We report the cloning and characterization of a novel NMDA receptor subunit cDNA, which encodes a predicted polypeptide of 1003 amino acids. Phylogenic analysis indicates that this new subunit is most closely related to NR3A. Therefore, we term it NR3B. Important functional domains of glutamate receptors, such as the ligand-binding domain, the channel pore, and the channel gate, are conserved in NR3B. NR3B mRNA was expressed highly in pons, midbrain, medulla, and the spinal cord, but at low levels in the forebrain and the cerebellum. Although NR3A mRNA expression decreases sharply after the second postnatal weeks, NR3B mRNA expression levels in whole brain were constant during postnatal development and into adult. Coimmunoprecipitation analysis showed that NR3B could form NMDA receptor complex with NR1a and NR2A subunits in heterologous cells.
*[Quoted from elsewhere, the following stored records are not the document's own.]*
(* Let $f:\mathbb{R}^n\to\mathbb{R}$ be of class $C^{2+}$ with $L_f$-Lipschitz continuous gradient, let $g:\mathbb{R}^n\to\mathbb{R}\cup\{+\infty\}$ be proper, lower semicontinuous and $\rho$-weakly convex, let $\varphi=f+g$ with $\operatorname{argmin}\varphi\neq\emptyset$, and suppose $\{x:\varphi(x)\le\varphi(x^0)\}$ is bounded. Let $(x^k)$ be generated by the NTRA algorithm described in the context, and suppose that there is $M>0$ with $\|B_k\|\le M$ for all $k$ and there is $\beta\in(0,1)$ with $m_k(0)-m_k(d^k)\ge\beta\|\nabla\varphi_\gamma(x^k)\|\min\{\delta_k,\|\nabla\varphi_\gamma(x^k)\|/\|B_k\|\}$ for all $k$. Then $\liminf_{k\to\infty}\|\nabla\varphi_\gamma(x^k)\|=0$.
   Context: $C^{2+}$: twice continuously differentiable with locally Lipschitz Hessian; $\rho$-weakly convex: $g+\frac\rho2\|\cdot\|^2$ convex. $\operatorname{prox}_{\gamma g}(x)=\operatorname{argmin}_z\{g(z)+\frac1{2\gamma}\|z-x\|^2\}$, $R_\gamma(x)=\gamma^{-1}(x-\operatorname{prox}_{\gamma g}(x-\gamma\nabla f(x)))$, forward-backward envelope $\varphi_\gamma(x)=\inf_u\{f(x)+\langle\nabla f(x),u-x\rangle+g(u)+\frac1{2\gamma}\|u-x\|^2\}$. $\partial_C$: Clarke generalized Jacobian. NTRA: given $x^0$, $\gamma\in(0,\min\{1/L_f,1/\rho\})$, $\delta_0>0$, $0<\mu_1<\mu_2<1$, $0<c_1<c_2<1<c_3$; for $k=0,1,\dots$: select $P_k\in\partial_C\operatorname{prox}_{\gamma g}(x^k-\gamma\nabla f(x^k))$; $Q_k=I-\gamma\nabla^2f(x^k)$, $B_k=\gamma^{-1}Q_k(I-P_kQ_k)$; stop if $R_\gamma(x^k)=0$ and $\lambda_{\min}(B_k)\ge0$; $d^k$ is an (approximate) solution of $\min_d m_k(d):=\varphi_\gamma(x^k)+\langle\nabla\varphi_\gamma(x^k),d\rangle+\frac12\langle B_kd,d\rangle$ s.t. $\|d\|\le\delta_k$; $\rho_k=\frac{\varphi_\gamma(x^k)-\varphi_\gamma(x^k+d^k)}{m_k(0)-m_k(d^k)}$; $x^{k+1}=x^k$ if $\rho_k<\mu_1$, else $x^k+d^k$; $\delta_{k+1}=c_1\delta_k$ if $\rho_k<\mu_1$, $c_2\delta_k$ if $\mu_1\le\rho_k<\mu_2$, $c_3\delta_k$ if $\rho_k\ge\mu_2$. *)

From HB Require Import structures.
From mathcomp Require Import all_boot all_order all_algebra.
From mathcomp Require Import all_classical all_reals all_analysis.
Set Implicit Arguments. Unset Strict Implicit. Unset Printing Implicit Defensive.
Import Order.TTheory GRing.Theory Num.Theory.
Local Open Scope classical_set_scope.
Local Open Scope ring_scope.

Section Defs.
Context {R : realType} {n : nat}.
Local Notation vec := 'cV[R]_n.
Local Notation mat := 'M[R]_n.

Definition dot (u v : vec) : R := (u^T *m v) 0 0.
Definition enorm (u : vec) : R := Num.sqrt (dot u u).

Definition opnorm (A : mat) : R :=
  sup [set enorm (A *m v) | v in [set v : vec | enorm v <= 1]].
Although expression of NR3B alone did not reconstitute functional NMDA receptors, coexpression of NR3B reduced the Ca(2+) permeability of glutamate-induced currents in cells expressing NR1a and NR2A. These results indicate that NR3B is a dominant modulatory subunit that can modify the function of NMDA receptors. Since high Ca(2+) permeability of NMDA receptors is thought to be a key feature for NMDA receptors to play critical roles in neurodevelopment, synaptic plasticity, and neuronal death, NR3B may contribute to the regulation of these physiological and pathological processes.